● **Activity**: Please take the lines from the one holding "-> Prop) (z1" through the one holding "(forall a, in_range" in the data below and copy them exactly.

[Collected data]
* * *

(* Let \(X\) be a nonempty set and let \(\Phi\) be a mapping with domain \(X^{2}\). Then the following conditions are equivalent. (i) There is a totally ordered set \(Q\) such that \(\Phi\) is combinatorially similar to a \(Q\)-pseudoultrametric. (ii) There is a poset \(Q\) such that \(\Phi\) is combinatorially similar to a \(Q\)-pseudoultrametric. (iii) \(\Phi\) is symmetric, the transitive closure \(u_{\Phi}^{t}\) of \(u_{\Phi}\) is antisymmetric, there is \(a_0 \in \Phi(X^{2})\) for which \(\Phi\) is \(a_0\)-coherent, and for every triple \(\langle x_1, x_2, x_3\rangle\) of points of \(X\) there is a permutation \((i_1,i_2,i_3)\) of \((1,2,3)\) such that \(\Phi(x_{i_1}, x_{i_2}) = \Phi(x_{i_2}, x_{i_3})\). (iv) There is \(b_0 \in \Phi(X^{2})\) such that \(\Phi(x,x) = b_0\) for every \(x \in X\), the binary relation \(\preccurlyeq_{\Phi} := u_{\Phi}^{t} \cup \Delta_{\Phi(X^{2})}\) (where \(\Delta_{\Phi(X^2)}=\{\langle b,b\rangle: b\in\Phi(X^2)\}\)) is a partial order on \(\Phi(X^{2})\), \(b_0\) is the smallest element of \((\Phi(X^{2}), \preccurlyeq_{\Phi})\), and \(\Phi\) is a \(\preccurlyeq_{\Phi}\)-pseudoultrametric on \(X\).
   Context: For a mapping \(F\) with domain \(A\), \(F(A)\) denotes its range. Let \((Q,\preccurlyeq_Q)\) be a poset with a smallest element \(q_0\) and \(Z\) a nonempty set. A mapping \(d\colon Z^2\to Q\) is a \(Q\)-pseudoultrametric (= \(\preccurlyeq_Q\)-pseudoultrametric) if \(d\) is symmetric, \(d(z,z)=q_0\) for all \(z\in Z\), and for every triple \(\langle z_1,z_2,z_3\rangle\) of points of \(Z\) there is a permutation \((i_1,i_2,i_3)\) of \((1,2,3)\) with \(d(z_{i_1},z_{i_3})\preccurlyeq_Q d(z_{i_1},z_{i_2})\) and \(d(z_{i_1},z_{i_2})=d(z_{i_2},z_{i_3})\). For nonempty sets \(X,Y\) and mappings \(\Phi\) with domain \(X^2\), \(\Psi\) with domain \(Y^2\), \(\Phi\) is combinatorially similar to \(\Psi\) if there are bijections \(f\colon \Phi(X^2)\to\Psi(Y^2)\) and \(g\colon Y\to X\) with \(\Psi(x,y)=f(\Phi(g(x),g(y)))\) for all \(x,y\in Y\). \(\Phi\) with domain \(X^2\) is strongly consistent with an equivalence relation \(R\) on \(X\) if \(\langle x_1,x_2\rangle\in R\), \(\langle x_3,x_4\rangle\in R\) imply \(\Phi(x_1,x_3)=\Phi(x_2,x_4)\); for \(a_0\in\Phi(X^2)\), \(\Phi\) is \(a_0\)-coherent if \(\Phi^{-1}(a_0)\) is an equivalence relation on \(X\) and \(\Phi\) is strongly consistent with it. For \(\Phi\) with domain \(X^2\) and \(Y=\Phi(X^2)\), \(\langle y_1,y_2\rangle\in u_\Phi\) iff \(y_1,y_2\in Y\) and there are \(x_1,x_2,x_3\in X\) with \(y_1=\Phi(x_1,x_3)\) and \(y_2=\Phi(x_1,x_2)=\Phi(x_2,x_3)\). The transitive closure is \(\gamma^t=\bigcup_{n\ge1}\gamma^n\) with \(\gamma^{n+1}=\gamma^n\circ\gamma\), where \(\langle x,y\rangle\in\alpha\circ\beta\) iff there is \(z\) with \(\langle x,z\rangle\in\alpha\), \(\langle z,y\rangle\in\beta\). *)

Definition in_range {X A : Type} (Phi : X -> X -> A) (a : A) : Prop :=
  exists x y, Phi x y = a.

Definition some_perm {Z : Type} (P : Z -> Z -> Z -> Prop) (z1 z2 z3 : Z) : Prop :=
  P z1 z2 z3 \/ P z1 z3 z2 \/ P z2 z1 z3 \/ P z2 z3 z1 \/ P z3 z1 z2 \/ P z3 z2 z1.

Definition poset {Q : Type} (le : Q -> Q -> Prop) : Prop :=
  (forall q, le q q) /\
  (forall p q, le p q -> le q p -> p = q) /\
  (forall p q r, le p q -> le q r -> le p r).

Definition total_order {Q : Type} (le : Q -> Q -> Prop) : Prop :=
  poset le /\ (forall p q, le p q \/ le q p).

Definition smallest {Q : Type} (le : Q -> Q -> Prop) (q0 : Q) : Prop :=
  forall q, le q0 q.

(* d is a (le)-pseudoultrametric with value q0 on the diagonal
   (the requirement that q0 is the smallest element of the poset is stated
   separately where needed) *)
Definition pseudoultrametric {Z Q : Type} (le : Q -> Q -> Prop) (q0 : Q)
  (d : Z -> Z -> Q) : Prop :=
  (forall x y, d x y = d y x) /\
  (forall z, d z z = q0) /\
  (forall z1 z2 z3,
     some_perm (fun a b c => le (d a c) (d a b) /\ d a b = d b c) z1 z2 z3).

Definition comb_similar {X A Y B : Type} (Phi : X -> X -> A) (Psi : Y -> Y -> B)
  : Prop :=
  exists (f : A -> B) (g : Y -> X),
    (forall a, in_range Phi a -> in_range Psi (f a)) /\
    (forall a a', in_range Phi a -> in_range Phi a' -> f a = f a' -> a = a') /\
    (forall b, in_range Psi b -> exists a, in_range Phi a /\ f a = b) /\
    (forall y y', g y = g y' -> y = y') /\
    (forall x, exists y, g y = x) /\
    (forall x y, Psi x y = f (Phi (g x) (g y))).

Definition symmetric_map {X A : Type} (Phi : X -> X -> A) : Prop :=
  forall x y, Phi x y = Phi y x.

Definition u_rel {X A : Type} (Phi : X -> X -> A) (y1 y2 : A) : Prop :=
  in_range Phi y1 /\ in_range Phi y2 /\
  exists x1 x2 x3, y1 = Phi x1 x3 /\ y2 = Phi x1 x2 /\ Phi x1 x2 = Phi x2 x3.

Definition rcomp {T : Type} (al be : T -> T -> Prop) (x y : T) : Prop :=
  exists z, al x z /\ be z y.

Fixpoint rpow {T : Type} (g : T -> T -> Prop) (n : nat) : T -> T -> Prop :=
  match n with
  | O => g            (* unused index: gamma^1 is rpow g 1 *)
  | S O => g
  | S m => rcomp (rpow g m) g
  end.

Definition tclos {T : Type} (g : T -> T -> Prop) (x y : T) : Prop :=
  exists n, 1 <= n /\ rpow g n x y.

Definition antisymmetric {T : Type} (R : T -> T -> Prop) : Prop :=
  forall x y, R x y -> R y x -> x = y.

Definition equivalence_rel {T : Type} (R : T -> T -> Prop) : Prop :=
  (forall x, R x x) /\ (forall x y, R x y -> R y x) /\
  (forall x y z, R x y -> R y z -> R x z).

Definition strongly_consistent {X A : Type} (Phi : X -> X -> A)
  (R : X -> X -> Prop) : Prop :=
  forall x1 x2 x3 x4, R x1 x2 -> R x3 x4 -> Phi x1 x3 = Phi x2 x4.

Definition coherent {X A : Type} (Phi : X -> X -> A) (a0 : A) : Prop :=
  equivalence_rel (fun x y => Phi x y = a0) /\
  strongly_consistent Phi (fun x y => Phi x y = a0).

Definition le_Phi {X A : Type} (Phi : X -> X -> A) (a b : A) : Prop :=
  tclos (u_rel Phi) a b \/ (in_range Phi a /\ a = b).

Definition poset_on {A : Type} (S : A -> Prop) (le : A -> A -> Prop) : Prop :=
  (forall a b, le a b -> S a /\ S b) /\
  (forall a, S a -> le a a) /\
  (forall a b, S a -> S b -> le a b -> le b a -> a = b) /\
  (forall a b c, S a -> S b -> S c -> le a b -> le b c -> le a c).

(* (ii) => (iii): combinatorial similarity preserves every pattern of equalities
   between values, and a pseudoultrametric d with values in a poset satisfies
   u_d <= the order of the poset, so the transitive closure of u_d is
   antisymmetric; the diagonal value is coherent because points at distance q0
   are interchangeable.
   (iii) => (iv): an isosceles triple Phi x1 x2 = Phi x2 x3 is exactly one
   u_Phi-step from Phi x1 x3 up to Phi x1 x2, so Phi is a pseudoultrametric for
   u_Phi^t united with the diagonal, and Phi x x is below Phi x y via (x, y, x).
   (iv) => (i): extend this partial order on Phi(X^2) to a linear order
   (Szpilrajn, by Zorn's lemma) and regard Phi as valued in its range. *)

From Stdlib Require Import Relations Lia.
From Stdlib Require Import Classical ClassicalEpsilon ProofIrrelevance.
From mathcomp Require classical_sets.

Lemma rpow_clos_trans {T : Type} (R : T -> T -> Prop) n a b :
  rpow R n a b -> clos_trans T R a b.
Proof.
  revert b; induction n as [|[|n] IH]; intros b H.
  - now apply t_step.
  - now apply t_step.
  - destruct H as [c [Hac Hcb]].
    apply t_trans with c; [now apply IH | now apply t_step].
Qed.

Lemma tclos_iff_clos_trans {T : Type} (R : T -> T -> Prop) a b :
  tclos R a b <-> clos_trans T R a b.
Proof.
  split.
  - intros [n [_ H]]. exact (rpow_clos_trans R n a b H).
  - intros H. apply clos_trans_tn1 in H.
    induction H as [b Hab | b c Hbc _ [n [Hn IH]]].
    + exists 1. split; [lia | exact Hab].
    + exists (S n). split; [lia |].
      destruct n as [|n]; [lia |]. exists b. split; assumption.
Qed.

Lemma tclos_step {T : Type} (R : T -> T -> Prop) a b : R a b -> tclos R a b.
Proof. intros H. apply tclos_iff_clos_trans. now apply t_step. Qed.

Lemma tclos_trans {T : Type} (R : T -> T -> Prop) a b c :
  tclos R a b -> tclos R b c -> tclos R a c.
Proof.
  rewrite !tclos_iff_clos_trans. intros Hab Hbc. now apply t_trans with b.
Qed.

Lemma tclos_least {T : Type} (R P : T -> T -> Prop) :
  (forall a b, R a b -> P a b) -> (forall a b c, P a b -> P b c -> P a c) ->
  forall a b, tclos R a b -> P a b.
Proof.
  intros HR HP a b H. apply tclos_iff_clos_trans in H.
  induction H; eauto.
Qed.

Lemma some_perm_map {Z W : Type} (P : Z -> Z -> Z -> Prop) (P' : W -> W -> W -> Prop)
  (h : Z -> W) :
  (forall a b c, P a b c -> P' (h a) (h b) (h c)) ->
  forall z1 z2 z3, some_perm P z1 z2 z3 -> some_perm P' (h z1) (h z2) (h z3).
Proof. intros H z1 z2 z3. unfold some_perm. intuition auto. Qed.

Lemma in_range_app {X A : Type} (Phi : X -> X -> A) x y : in_range Phi (Phi x y).
Proof. now exists x, y. Qed.

Section Pseudoultrametric.
Context {Q Y : Type}.
Variables (le : Q -> Q -> Prop) (q0 : Q) (d : Y -> Y -> Q).
Hypothesis le_poset : poset le.
Hypothesis d_pu : pseudoultrametric le q0 d.

Lemma pseudoultrametric_cases a b c :
  (le (d a c) (d a b) /\ d a b = d b c) \/
  (le (d a b) (d a c) /\ d a c = d b c) \/
  (le (d b c) (d a b) /\ d a b = d a c).
Proof.
  destruct d_pu as [d_sym [_ d_tri]].
  (* Up to the symmetry of d, each of the six permutations is one of the three cases. *)
  destruct (d_tri a b c) as [H|[H|[H|[H|[H|H]]]]];
    rewrite ?(d_sym b a), ?(d_sym c a), ?(d_sym c b) in H; destruct H as [l e];
    first [rewrite e in l | rewrite <- e in l | idtac]; intuition congruence.
Qed.

Lemma pseudoultrametric_isosceles_le a b c : d a b = d b c -> le (d a c) (d a b).
Proof.
  destruct le_poset as [le_refl _].
  intros E. destruct (pseudoultrametric_cases a b c) as [[H _]|[[_ H]|[_ H]]].
  - exact H.
  - replace (d a c) with (d a b) by congruence. apply le_refl.
  - rewrite <- H. apply le_refl.
Qed.

Lemma pseudoultrametric_some_perm_eq x1 x2 x3 :
  some_perm (fun a b c => d a b = d b c) x1 x2 x3.
Proof.
  destruct d_pu as [_ [_ d_tri]].
  apply (some_perm_map (fun a b c => le (d a c) (d a b) /\ d a b = d b c) _ (fun y => y));
    [| apply d_tri].
  now intros a b c [_ E].
Qed.

Lemma pseudoultrametric_antisymmetric : antisymmetric (tclos (u_rel d)).
Proof.
  destruct le_poset as [_ [le_anti le_trans]].
  assert (u_le : forall a b, tclos (u_rel d) a b -> le a b).
  { apply tclos_least; [| exact le_trans].
    intros a b [_ [_ [y1 [y2 [y3 [-> [-> E]]]]]]].
    now apply pseudoultrametric_isosceles_le. }
  intros a b Hab Hba. apply le_anti; now apply u_le.
Qed.

Hypothesis q0_smallest : smallest le q0.

Lemma pseudoultrametric_eq_q0 a b c : d a b = q0 -> d a c = d b c.
Proof.
  destruct le_poset as [_ [le_anti _]].
  assert (below_q0 : forall q, le q q0 -> q = q0) by (intros q H; now apply le_anti).
  intros E. destruct (pseudoultrametric_cases a b c) as [[H E']|[[_ H]|[H E']]].
  - rewrite E in H. apply below_q0 in H. congruence.
  - exact H.
  - rewrite E in H. apply below_q0 in H. congruence.
Qed.

Lemma pseudoultrametric_coherent : coherent d q0.
Proof.
  destruct d_pu as [d_sym [d_diag _]].
  split; [split; [| split] |].
  - exact d_diag.
  - intros x y E. now rewrite d_sym.
  - intros x y z Exy Eyz. now rewrite (pseudoultrametric_eq_q0 x y z Exy).
  - intros x1 x2 x3 x4 E12 E34.
    rewrite (pseudoultrametric_eq_q0 x1 x2 x3 E12), d_sym.
    now rewrite (pseudoultrametric_eq_q0 x3 x4 x2 E34), d_sym.
Qed.

End Pseudoultrametric.

Section CombSimilar.
Context {X A Y B : Type}.
Variables (Phi : X -> X -> A) (Psi : Y -> Y -> B).
Variables (f : A -> B) (g : Y -> X).
Hypothesis f_inj : forall a a', in_range Phi a -> in_range Phi a' -> f a = f a' -> a = a'.
Hypothesis g_surj : forall x, exists y, g y = x.
Hypothesis Psi_def : forall y y', Psi y y' = f (Phi (g y) (g y')).

Lemma similar_eq_iff y1 y2 y3 y4 :
  Phi (g y1) (g y2) = Phi (g y3) (g y4) <-> Psi y1 y2 = Psi y3 y4.
Proof.
  rewrite !Psi_def. split; intros E.
  - now rewrite E.
  - apply f_inj; auto using in_range_app.
Qed.

Lemma similar_symmetric : symmetric_map Psi -> symmetric_map Phi.
Proof.
  intros Psi_sym x x'.
  destruct (g_surj x) as [y <-], (g_surj x') as [y' <-].
  apply similar_eq_iff, Psi_sym.
Qed.

Lemma similar_some_perm_eq :
  (forall y1 y2 y3, some_perm (fun a b c => Psi a b = Psi b c) y1 y2 y3) ->
  forall x1 x2 x3, some_perm (fun a b c => Phi a b = Phi b c) x1 x2 x3.
Proof.
  intros Psi_tri x1 x2 x3.
  destruct (g_surj x1) as [y1 <-], (g_surj x2) as [y2 <-], (g_surj x3) as [y3 <-].
  apply (some_perm_map (fun a b c => Psi a b = Psi b c)); [| apply Psi_tri].
  intros a b c. apply similar_eq_iff.
Qed.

* * *

● **Answer space**:
Definition some_perm {Z : Type} (P : Z -> Z -> Z -> Prop) (z1 z2 z3 : Z) : Prop :=
  P z1 z2 z3 \/ P z1 z3 z2 \/ P z2 z1 z3 \/ P z2 z3 z1 \/ P z3 z1 z2 \/ P z3 z2 z1.

Definition poset {Q : Type} (le : Q -> Q -> Prop) : Prop :=
  (forall q, le q q) /\
  (forall p q, le p q -> le q p -> p = q) /\
  (forall p q r, le p q -> le q r -> le p r).

Definition total_order {Q : Type} (le : Q -> Q -> Prop) : Prop :=
  poset le /\ (forall p q, le p q \/ le q p).

Definition smallest {Q : Type} (le : Q -> Q -> Prop) (q0 : Q) : Prop :=
  forall q, le q0 q.

(* d is a (le)-pseudoultrametric with value q0 on the diagonal
   (the requirement that q0 is the smallest element of the poset is stated
   separately where needed) *)
Definition pseudoultrametric {Z Q : Type} (le : Q -> Q -> Prop) (q0 : Q)
  (d : Z -> Z -> Q) : Prop :=
  (forall x y, d x y = d y x) /\
  (forall z, d z z = q0) /\
  (forall z1 z2 z3,
     some_perm (fun a b c => le (d a c) (d a b) /\ d a b = d b c) z1 z2 z3).

Definition comb_similar {X A Y B : Type} (Phi : X -> X -> A) (Psi : Y -> Y -> B)
  : Prop :=
  exists (f : A -> B) (g : Y -> X),
    (forall a, in_range Phi a -> in_range Psi (f a)) /\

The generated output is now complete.